### Task statement
For each line of the data below that contains "Qadj", return that line.

### Dataset records
::::::::::

(* Let $(A,\succ,\prec)$ be a Leibniz-dendriform algebra with associated Leibniz algebra $(A,\circ)$ and let $r\in A\otimes A$ be skew-symmetric ($\tau(r)=-r$). The following are equivalent: (a) $S(r)=0$; (b) for all $\zeta,\eta\in A^*$: $T_r(\zeta)\circ T_r(\eta)=T_r\big(L_\succ^*(T_r(\zeta))\eta-L_\odot^*(T_r(\eta))\zeta\big)$ (i.e. $T_r$ is an $\mathcal O$-operator on $(A,\circ)$ associated to $(A^*,L_\succ^*,-L_\odot^* )$); (c) for all $\zeta,\eta\in A^*$: $T_r(\zeta)\succ T_r(\eta)=T_r\big(L_\circ^*(T_r(\zeta))\eta+R_\odot^*(T_r(\eta))\zeta\big)$ and $T_r(\zeta)\prec T_r(\eta)=T_r\big(-L_\prec^*(T_r(\zeta))\eta-L_\star^*(T_r(\eta))\zeta\big)$ (i.e. $T_r$ is an $\mathcal O$-operator on $(A,\succ,\prec)$ associated to $(A^*,L_\circ^*,R_\odot^*,-L_\prec^*,-L_\star^* )$).
   Context: All vector spaces are finite-dimensional over a field $k$; $\langle\cdot,\cdot\rangle$ is the natural pairing, $\tau(a\otimes b)=b\otimes a$. A Leibniz-dendriform algebra is a vector space $A$ with bilinear operations $\succ,\prec$ such that, with $x\circ y:=x\succ y+x\prec y$, for all $x,y,z\in A$: $(x\circ y)\succ z=x\succ(y\succ z)-y\succ(x\succ z)$, $y\prec(x\circ z)+(x\succ y)\prec z=x\succ(y\prec z)$, $x\prec(y\circ z)=(x\prec y)\prec z+y\succ(x\prec z)$. Write $x\odot y:=x\succ y+y\prec x$, $x\star y:=x\circ y+y\circ x$. For a binary operation $*$ let $L_*(x)y=x*y$, $R_*(x)y=y*x$, and $L_\odot:=L_\succ+R_\prec$, $R_\odot:=R_\succ+L_\prec$, $L_\star:=L_\circ+R_\circ$. For $f:A\to\mathrm{End}(A)$, $f^*:A\to\mathrm{End}(A^* )$ is $\langle f^*(x)\xi,v\rangle=-\langle\xi,f(x)v\rangle$. For $r=\sum_i a_i\otimes b_i$, $T_r:A^*\to A$ is $\langle T_r(\zeta),\eta\rangle=\langle r,\zeta\otimes\eta\rangle$, and $S(r):=\sum_{i,j}\big(a_i\otimes a_j\otimes (b_j\circ b_i)-a_i\otimes (b_i\odot a_j)\otimes b_j-(a_i\succ a_j)\otimes b_i\otimes b_j\big)$ (the Leibniz-dendriform Yang–Baxter equation is $S(r)=0$). *)

From HB Require Import structures.
From mathcomp Require Import all_boot all_order all_algebra.
Set Implicit Arguments. Unset Strict Implicit. Unset Printing Implicit Defensive.
Import GRing.Theory.
Local Open Scope ring_scope.

(* The dual A^dual is 'Hom(A, K^o) (linear functionals); the pairing <xi, v> is xi v.
   A tensor r \in A (x) A is given by a presentation r = \sum_i a_i (x) b_i,
   i.e. a sequence of pairs (a_i, b_i). *)

Section LD.
Variables (K : fieldType) (A : vectType K).

Definition tensor2 := seq (A * A).

Definition pair2 (r : tensor2) (zeta eta : A -> K) : K :=
  \sum_(p <- r) zeta p.1 * eta p.2.

(* tau(r) = - r, tested against all of A^dual (x) A^dual *)
Definition skew_sym (r : tensor2) : Prop :=
  forall zeta eta : 'Hom(A, K^o),
    pair2 r (fun v => zeta v) (fun v => eta v)
    = - pair2 r (fun v => eta v) (fun v => zeta v).

(* T_r : A^dual -> A,  <T_r(zeta), eta> = <r, zeta (x) eta>, i.e. T_r zeta = \sum_i zeta(a_i) b_i *)
Definition Tr (r : tensor2) (zeta : A -> K) : A := \sum_(p <- r) zeta p.1 *: p.2.

Definition dualop (f : A -> A -> A) (x : A) (xi : A -> K) : A -> K :=
  fun v => - xi (f x v).

Variables (succ prec : A -> A -> A).
Definition circ x y := succ x y + prec x y.
Definition odot x y := succ x y + prec y x.
Definition star x y := circ x y + circ y x.
Definition L_succ x v := succ x v.
Definition L_prec x v := prec x v.
Definition L_circ x v := circ x v.
Definition L_odot x v := succ x v + prec v x.
Definition R_odot x v := succ v x + prec x v.
Definition L_star x v := circ x v + circ v x.

Definition bilinear_op (m : A -> A -> A) : Prop :=
  (forall x, linear (m x)) /\ (forall y, linear (fun x => m x y)).

Definition LD_axioms : Prop :=
  forall x y z : A,
  [/\ succ (circ x y) z = succ x (succ y z) - succ y (succ x z),
      prec y (circ x z) + prec (succ x y) z = succ x (prec y z)
    & prec x (circ y z) = prec (prec x y) z + succ y (prec x z)].

(* S(r) = 0 in A (x) A (x) A, tested against all zeta (x) eta (x) theta in
   A^dual (x) A^dual (x) A^dual (faithful since A is finite-dimensional). *)
Definition S_pair (r : tensor2) (zeta eta theta : A -> K) : K :=
  \sum_(p <- r) \sum_(q <- r)
    ( zeta p.1 * eta q.1 * theta (circ q.2 p.2)
    - zeta p.1 * eta (odot p.2 q.1) * theta q.2
    - zeta (succ p.1 q.1) * eta p.2 * theta q.2 ).

Definition LD_YBE (r : tensor2) : Prop :=
  forall zeta eta theta : 'Hom(A, K^o),
    S_pair r (fun v => zeta v) (fun v => eta v) (fun v => theta v) = 0.

Definition O_op_Leibniz (r : tensor2) : Prop :=
  forall zeta eta : 'Hom(A, K^o),
    let z := (fun v => zeta v) in let e := (fun v => eta v) in
    circ (Tr r z) (Tr r e)
    = Tr r (fun v => dualop L_succ (Tr r z) e v - dualop L_odot (Tr r e) z v).

Definition O_op_LD (r : tensor2) : Prop :=
  forall zeta eta : 'Hom(A, K^o),
    let z := (fun v => zeta v) in let e := (fun v => eta v) in
    succ (Tr r z) (Tr r e)
      = Tr r (fun v => dualop L_circ (Tr r z) e v + dualop R_odot (Tr r e) z v)
    /\
    prec (Tr r z) (Tr r e)
      = Tr r (fun v => - dualop L_prec (Tr r z) e v - dualop L_star (Tr r e) z v).

End LD.

From Pilot Require Import Defs.
From HB Require Import structures.
From mathcomp Require Import all_boot all_order all_algebra.
From mathcomp Require Import ring.
Set Implicit Arguments. Unset Strict Implicit.
Import GRing.Theory.
Local Open Scope ring_scope.

(* Everything rests on one consequence of skew-symmetry: for functionals h
   and a linear f, <h, T_r f> = - f (T_r h).  Expanding the pairing of S(r)
   with e (x) z (x) th and moving all functionals onto T_r in this way gives
   th (T_r z o T_r e - B(z, e)), where B(z, e) is the right-hand side of (b);
   since functionals separate points, (a) <-> (b).  Likewise the succ-part of
   (c) paired with th is (b) for (z, th) paired with e, and the prec-part is
   (b) minus the succ-part. *)

Section LinearFunctions.
Variable K : fieldType.

Lemma linear_fun0 (U V : lmodType K) (f : U -> V) : linear f -> f 0 = 0.
Proof.
move=> lf; have := lf 1 0 0; rewrite !scale1r addr0 => f0.
by apply: (addrI (f 0)); rewrite addr0 -f0.
Qed.

Lemma linear_fun_sumZ (U V : lmodType K) (f : U -> V) (I : Type) (s : seq I)
    (c : I -> K) (v : I -> U) :
  linear f -> f (\sum_(i <- s) c i *: v i) = \sum_(i <- s) c i *: f (v i).
Proof.
move=> lf; elim: s => [|i s IHs]; first by rewrite !big_nil linear_fun0.
by rewrite !big_cons lf IHs.
Qed.

Lemma linear_funD (U V : lmodType K) (f g : U -> V) :
  linear f -> linear g -> linear (fun v => f v + g v).
Proof. by move=> lf lg a u v; rewrite lf lg scalerDr addrACA. Qed.

Lemma linear_funN (U V : lmodType K) (f : U -> V) :
  linear f -> linear (fun v => - f v).
Proof. by move=> lf a u v; rewrite lf opprD scalerN. Qed.

Variable A : vectType K.

Lemma linear_hom_comp (h : 'Hom(A, K^o)) (g : A -> A) :
  linear g -> linear (fun v => h (g v) : K^o).
Proof. by move=> lg a u v; rewrite lg linearP. Qed.

Lemma hom_of_linear (f : A -> K^o) :
  linear f -> {h : 'Hom(A, K^o) | forall v, h v = f v}.
Proof.
move=> lf; pose fL : {linear A -> K^o} := HB.pack f (GRing.isLinear.Build K A K^o *:%R f lf).
by exists (linfun fL) => v; rewrite lfunE.
Qed.

Lemma hom_separates (w : A) : (forall h : 'Hom(A, K^o), h w = 0) -> w = 0.
Proof.
move=> hw0; rewrite (coord_vbasis (memvf w)); apply: big1 => i _.
have lcoord : linear (coord (vbasis (fullv : {vspace A})) i : A -> K^o).
  by move=> a u v; rewrite linearP.
have [h hE] := hom_of_linear lcoord.
by have := hw0 h; rewrite hE => ->; rewrite scale0r.
Qed.

Lemma hom_sumZ (h : 'Hom(A, K^o)) (I : Type) (s : seq I) (c : I -> K) (v : I -> A) :
  h (\sum_(i <- s) c i *: v i) = \sum_(i <- s) c i * h (v i).
Proof. by rewrite (@linear_fun_sumZ _ _ h) // => a x y; rewrite linearP. Qed.

End LinearFunctions.

Section TensorOperator.
Variables (K : fieldType) (A : vectType K) (r : tensor2 A).

Lemma eq_Tr (f g : A -> K) : (forall v, f v = g v) -> Tr r f = Tr r g.
Proof. by move=> fg; apply: eq_bigr => p _; rewrite fg. Qed.

Lemma Tr_add (f g : A -> K) : Tr r (fun v => f v + g v) = Tr r f + Tr r g.
Proof. by rewrite /Tr -big_split; apply: eq_bigr => p _; rewrite scalerDl. Qed.

Lemma Tr_sub (f g : A -> K) : Tr r (fun v => f v - g v) = Tr r f - Tr r g.
Proof. by rewrite /Tr -sumrB; apply: eq_bigr => p _; rewrite scalerBl. Qed.

Lemma hom_Tr (h : 'Hom(A, K^o)) (f : A -> K) :
  h (Tr r f) = \sum_(p <- r) f p.1 * h p.2.
Proof. exact: hom_sumZ. Qed.

Lemma hom_Tr_skew (h : 'Hom(A, K^o)) (f : A -> K^o) :
  skew_sym r -> linear f -> h (Tr r f) = - f (Tr r (fun v => h v)).
Proof.
move=> skew_r lf; have [g gE] := hom_of_linear lf.
rewrite hom_Tr /Tr (linear_fun_sumZ _ _ _ lf).
have := skew_r g h; rewrite /pair2.
under eq_bigr do rewrite gE.
by under [in X in _ = - X -> _]eq_bigr do rewrite gE; move=> ->.
Qed.

End TensorOperator.

Section LeibnizDendriform.
Variables (K : fieldType) (A : vectType K) (succ prec : A -> A -> A).
Hypotheses (succ_bilinear : bilinear_op succ) (prec_bilinear : bilinear_op prec).
Variable r : tensor2 A.
Hypothesis skew_r : skew_sym r.

Local Notation circ := (circ succ prec).
Local Notation odot := (odot succ prec).
Local Notation T h := (Tr r (fun v => h v)).

Lemma linear_succl x : linear (succ x). Proof. exact: succ_bilinear.1. Qed.
Lemma linear_succr y : linear (succ^~ y). Proof. exact: succ_bilinear.2. Qed.
Lemma linear_precl x : linear (prec x). Proof. exact: prec_bilinear.1. Qed.
Lemma linear_precr y : linear (prec^~ y). Proof. exact: prec_bilinear.2. Qed.

Lemma linear_circl x : linear (circ x).
Proof. exact: linear_funD (linear_succl x) (linear_precl x). Qed.
Lemma linear_circr y : linear (circ^~ y).
Proof. exact: linear_funD (linear_succr y) (linear_precr y). Qed.
Lemma linear_odotl x : linear (odot x).
Proof. exact: linear_funD (linear_succl x) (linear_precr x). Qed.
Lemma linear_odotr y : linear (odot^~ y).
Proof. exact: linear_funD (linear_succr y) (linear_precl y). Qed.

Definition Leibniz_rhs (z e : 'Hom(A, K^o)) : A :=
  Tr r (fun v => z (odot (T e) v)) - Tr r (fun v => e (succ (T z) v)).

Definition O_op_Leibniz_eq : Prop :=
  forall z e : 'Hom(A, K^o), circ (T z) (T e) = Leibniz_rhs z e.

Lemma O_op_LeibnizE : O_op_Leibniz succ prec r <-> O_op_Leibniz_eq.
Proof.
have rhsE (z e : 'Hom(A, K^o)) :
    Tr r (fun v => dualop (L_succ succ) (T z) (fun v => e v) v
                   - dualop (L_odot succ prec) (T e) (fun v => z v) v)
    = Leibniz_rhs z e.
  rewrite /Leibniz_rhs -Tr_sub; apply: eq_Tr => v.
  by rewrite /dualop /L_succ /L_odot /Defs.odot opprK addrC.
by split=> H z e; have := H z e; cbv zeta; rewrite rhsE.
Qed.

Lemma S_pairE (z e th : 'Hom(A, K^o)) :
  S_pair succ prec r (fun v => e v) (fun v => z v) (fun v => th v)
  = th (circ (T z) (T e) - Leibniz_rhs z e).
Proof.
rewrite /Leibniz_rhs !raddfB /=.
have circE : th (circ (T z) (T e)) =
    \sum_(p <- r) \sum_(q <- r) e p.1 * z q.1 * th (circ q.2 p.2).
  rewrite /Tr (linear_fun_sumZ _ _ _ (linear_circr _)) hom_sumZ.
  under eq_bigr do rewrite (linear_fun_sumZ _ _ _ (linear_circl _)) hom_sumZ mulr_sumr.
  rewrite exchange_big /=; apply: eq_bigr => p _; apply: eq_bigr => q _.
  by rewrite mulrCA mulrA.
have odotE : th (Tr r (fun v => z (odot (T e) v))) =
    \sum_(p <- r) \sum_(q <- r) e p.1 * z (odot p.2 q.1) * th q.2.
  rewrite hom_Tr.
  under eq_bigr do rewrite /Tr (linear_fun_sumZ _ _ _ (linear_odotr _)) hom_sumZ mulr_suml.
  by rewrite exchange_big.
have succE : th (Tr r (fun v => e (succ (T z) v))) =
    - \sum_(p <- r) \sum_(q <- r) e (succ p.1 q.1) * z p.2 * th q.2.
  rewrite hom_Tr exchange_big -sumrN /=; apply: eq_bigr => q _.
  rewrite -mulr_suml -mulNr; congr (_ * _).
  have := hom_Tr_skew z skew_r (linear_hom_comp e (linear_succr q.1)).
  by rewrite hom_Tr => ->; rewrite opprK.
rewrite circE odotE succE opprK addrA /S_pair -!sumrB.
by apply: eq_bigr => p _; rewrite -!sumrB.
Qed.

Lemma LD_YBE_iff_O_op_Leibniz_eq : LD_YBE succ prec r <-> O_op_Leibniz_eq.
Proof.
split=> [ybe z e | O_r e z th]; last by rewrite S_pairE O_r subrr raddf0.
apply/eqP; rewrite -subr_eq0; apply/eqP; apply: hom_separates => th.
by rewrite -S_pairE; apply: ybe.
Qed.

Lemma O_op_Leibniz_eq_succ : O_op_Leibniz_eq -> forall z e : 'Hom(A, K^o),
  succ (T z) (T e) = Tr r (fun v => dualop (L_circ succ prec) (T z) (fun v => e v) v
                                    + dualop (R_odot succ prec) (T e) (fun v => z v) v).
Proof.
move=> O_r z e; apply/eqP; rewrite -subr_eq0; apply/eqP; apply: hom_separates => th.
have lrhs : linear (fun v => dualop (L_circ succ prec) (T z) (fun v => e v) v
                             + dualop (R_odot succ prec) (T e) (fun v => z v) v : K^o).
  apply: linear_funD; apply: linear_funN; apply: linear_hom_comp.
    exact: linear_circl.
  exact: linear_funD (linear_succr _) (linear_precl _).
rewrite raddfB /= (hom_Tr_skew _ skew_r lrhs) /dualop /L_circ /R_odot opprK.
have := congr1 e (O_r z th).
rewrite /Leibniz_rhs raddfB /=.
rewrite (hom_Tr_skew _ skew_r (linear_hom_comp z (linear_odotl _))).
rewrite (hom_Tr_skew _ skew_r (linear_hom_comp th (linear_succl _))) opprK => ->.
rewrite /Defs.odot; ring.
Qed.

Lemma O_op_LD_iff_O_op_Leibniz_eq : O_op_LD succ prec r <-> O_op_Leibniz_eq.
Proof.
rewrite /O_op_LD; split=> [O_r z e | O_r z e].
  have := O_r z e; cbv zeta; case=> succE precE.
  rewrite /Defs.circ succE precE /Leibniz_rhs -Tr_add -Tr_sub; apply: eq_Tr => v.
  rewrite /dualop /L_prec /L_star /L_circ /R_odot /Defs.circ /Defs.odot !raddfD /=; ring.
cbv zeta; split; first exact: O_op_Leibniz_eq_succ.
have -> : prec (T z) (T e) = circ (T z) (T e) - succ (T z) (T e).
  by rewrite /Defs.circ addrAC subrr add0r.
rewrite O_r (O_op_Leibniz_eq_succ O_r) /Leibniz_rhs -!Tr_sub; apply: eq_Tr => v.
rewrite /dualop /L_prec /L_star /L_circ /R_odot /Defs.circ /Defs.odot !raddfD /=; ring.
Qed.

End LeibnizDendriform.

Theorem mainTheorem3 (K : fieldType) (A : vectType K)
  (succ prec : A -> A -> A)
  (hsucc : bilinear_op succ) (hprec : bilinear_op prec)
  (hLD : LD_axioms succ prec)
  (r : tensor2 A) (hskew : skew_sym r) :
  (LD_YBE succ prec r <-> O_op_Leibniz succ prec r) /\
  (O_op_Leibniz succ prec r <-> O_op_LD succ prec r).
Proof.
rewrite O_op_LeibnizE (LD_YBE_iff_O_op_Leibniz_eq hsucc hprec hskew).
by rewrite (O_op_LD_iff_O_op_Leibniz_eq hsucc hprec hskew).
Qed.
(* Let $K$ be a set of $n$ distinct keys from a totally ordered set, and let $L'$ be a uniformly random ordering of $K$, written $L' = a :: L$ (so $a$ is the first key of $L'$ and $L$ is the list of the remaining $n-1$ keys). Run memoized Quicksort (as defined in the context) first on $L$ and then on $L'$, with the memo tables (for Quicksort and for hash-consing) shared between the two runs. Then the expected running time of the second run, on $L'$, is $O(n)$. The expectation is over the uniformly random ordering of the input and over the internal randomization of the hash functions used to implement the memo tables.
   Context: Quicksort on a list $\ell$ of distinct keys: if $\ell$ is empty, return the empty list; otherwise $\ell = h :: t$, the pivot is $h$, one computes $s = $ the sublist of $t$ of keys $< h$ and $g = $ the sublist of $t$ of keys $\geq h$ (both by filtering $t$, which preserves the relative order of keys and takes time linear in the length of $t$), recursively sorts $s$ and $g$, and returns $\mathrm{sort}(s) \mathbin{@} (h :: \mathrm{sort}(g))$. Memoized Quicksort is the same algorithm in which (i) the lists produced by filtering are built with hash-consing, so that structurally equal lists are represented by the same object and can be compared and hashed in expected $O(1)$ time, each hash-consing step costing expected $O(1)$ time; and (ii) every recursive call first looks up its argument list in a memo table (keyed by the argument list, lookup and update costing expected $O(1)$ time); if a result for an equal list is stored there, that result is returned immediately, otherwise the call is executed and its result is stored. Running time counts elementary operations, with each memo-table operation and each hash-consing operation costing expected constant time. *)

From mathcomp Require Import all_boot all_order.
Set Implicit Arguments. Unset Strict Implicit. Unset Printing Implicit Defensive.
Import Order.TTheory.
Local Open Scope order_scope.

Section MemoQuicksort.
Variables (d : Order.disp_t) (T : orderType d).
Lemma potential_origin : potential origin = 0.
Proof.
pose a0 : {ffun 'I_n -> bool} := [ffun => false].
have w0 : hweight a0 = 0 by apply: eq_card0 => i; rewrite inE ffunE.
have g : gap (marked d a0) 0 r by move=> s /existsP[i]; rewrite ffunE.
have [_ hb] := cost_cover a0 r_gt0.
have := (hb 0 r g (leq0n r)).2 (leqnn 0) (leqnn r).
by rewrite /potential /= -/a0 w0 x0_eq0; lia.
Qed.

Lemma potential_descent v : v != origin ->
  exists2 w, Qadj d w v & (potential w).+1 = potential v.
Proof.
case: v => a x v_ne.
suff [w wv lt_wv] : exists2 w, Qadj d w (a, x) & potential w < potential (a, x).
  by exists w => //; have := potential_edge wv; lia.
case marked_x: (marked d a x).
  case/existsP: marked_x => i /andP[ai /eqP ix].
  exists (flipb a i, x).
    apply/orP; left; rewrite eqxx /=; apply/existsP; exists (Ordinal (ltn_pmod i d_gt0)).
    by rewrite /= -ix addnC mulnC -divn_eq modn_small ?flipbK.
  have := potential_flip (flipb a i) ix; rewrite flipbK ffunE eqxx ai /=; lia.
have nonempty : 0 < x \/ exists s, marked d a s.
  case: (posnP x) => [x_eq0 | x_gt0]; last by left.
  case: (boolP [exists i, a i]) => [/existsP[i ai] | /existsPn no_a].
    by right; exists (i %/ d); apply/existsP; exists i; rewrite ai eqxx.
  case/eqP: v_ne; congr pair; first by apply/ffunP => i; rewrite ffunE; apply/negbTE.
  by apply: val_inj; rewrite /= x_eq0 x0_eq0.
have [y y_lt [adj lt_y]] := cf_descent (cost_cover a) (fun s => marked_lt d_gt0 dr)
  (ltn_ord x) (negbT marked_x) nonempty.
exists (a, Ordinal y_lt); last by rewrite /potential /=; lia.
by apply/orP; right; rewrite eqxx.
Qed.

Lemma walk_of_potential v : exists p,
  [/\ path (@Qadj n d r) origin p, last origin p = v & size p = potential v].
Proof.
have [k pv] : exists k, potential v = k by exists (potential v).
elim: k v pv => [|k IH] v pv; case: (eqVneq v origin) => [ev | /potential_descent[w wv]].
- by subst v; exists [::]; rewrite potential_origin.
- by rewrite pv.
- by subst v; rewrite potential_origin in pv.
- rewrite pv => -[pw]; have [p [p_path p_last p_size]] := IH w pw.
  exists (rcons p v).
  by rewrite rcons_path last_rcons size_rcons p_path p_last wv p_size pw.
Qed.

End CubeOfRings.

Unset Implicit Arguments.

Theorem mainTheorem7 (n d r : nat) (hn : 2 <= n) (hd : 1 <= d) (hr : 3 <= r)
  (hdr : d * r = n) (a : {ffun 'I_n -> bool}) (x : 'I_r) (x0 : 'I_r)
  (hx0 : val x0 = 0) :
  is_distance (@Qadj n d r) ([ffun => false], x0) (a, x)
    (hweight a +
     minn (r + x - 2 * leap1 d r a x) (2 * r - x - 2 * leap2 d r a x)).
Proof.
have r_gt0 : 0 < r by lia.
split; first by have [p] := walk_of_potential hd r_gt0 hdr hx0 (a, x); exists p.
move=> p p_path p_last.
by have := potential_path hd r_gt0 hdr p_path; rewrite p_last potential_origin.
Qed.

::::::::::

### Solution to the exercise
  exists2 w, Qadj d w v & (potential w).+1 = potential v.
suff [w wv lt_wv] : exists2 w, Qadj d w (a, x) & potential w < potential (a, x).
  [/\ path (@Qadj n d r) origin p, last origin p = v & size p = potential v].
  is_distance (@Qadj n d r) ([ffun => false], x0) (a, x)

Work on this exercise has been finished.